## Exercise description
Lines below starting with the line with "move=> p4 m_lt m_r; set a0 := (p %/ 2).-1." and going on through the line with "have shellV : shell" must be output exactly; the rest of the records must be left out.

(Collected data)
┌──
Lemma extend_odd m : 4 %| p -> m < 2 * size U -> m * p + p %/ 2 + 1 <= r ->
  exists X, [/\ uniq X, all primb X, kappa X <= k & size X = Np p.-1 + (2 * m).+1].
Proof.
move=> p4 m_lt m_r; set a0 := (p %/ 2).-1.
have a0U : a0 \in U := pred_half_small_coprime _ p_gt0 p4.
set V := a0 :: rem a0 U.
have V_uniq : uniq V by rewrite /= mem_rem_uniqF ?rem_uniq // small_coprimes_uniq.
have V_sub : {subset V <= U} by move=> a; rewrite inE => /predU1P[-> // | /mem_rem].
set P := take m (behead (shell_pairs p V)).
have V_size : size V = size U by rewrite (perm_size (perm_to_rem a0U)).
have P_size : size P = m by rewrite size_takel // size_behead size_shell_pairs V_size; lia.
have P_compl : all (complementary p) P.
  apply/allP => z /mem_take /mem_behead; apply/allP/shell_pairs_complementary.
  exact: V_sub.
have shellV : shell p V =
    [:: shell_pt p a0 0] ++ shell_pt p a0 1 :: unpair (behead (shell_pairs p V)) by [].
have := @subshell_extension p k V ([:: shell_pt p a0 0] ++ unpair P) p_gt0 V_uniq V_sub.
rewrite size_cat size_unpair P_size; apply.
  rewrite shellV subseq_cat2l.
  exact: subseq_trans (subseq_unpair_take _ _) (subseq_cons _ _).
apply: leq_trans (leq_add (leqnn _) (leq_kappa_cat _ _)) _.
rewrite (kappa_unpair _ _ P_compl) P_size /kappa !big_seq1 /=.
by rewrite /r /a0 in m_r *; lia.
Qed.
└──
## Answer for the task
move=> p4 m_lt m_r; set a0 := (p %/ 2).-1.
have a0U : a0 \in U := pred_half_small_coprime _ p_gt0 p4.
set V := a0 :: rem a0 U.
have V_uniq : uniq V by rewrite /= mem_rem_uniqF ?rem_uniq // small_coprimes_uniq.
have V_sub : {subset V <= U} by move=> a; rewrite inE => /predU1P[-> // | /mem_rem].
set P := take m (behead (shell_pairs p V)).
have V_size : size V = size U by rewrite (perm_size (perm_to_rem a0U)).
have P_size : size P = m by rewrite size_takel // size_behead size_shell_pairs V_size; lia.
have P_compl : all (complementary p) P.
  apply/allP => z /mem_take /mem_behead; apply/allP/shell_pairs_complementary.
  exact: V_sub.
have shellV : shell p V =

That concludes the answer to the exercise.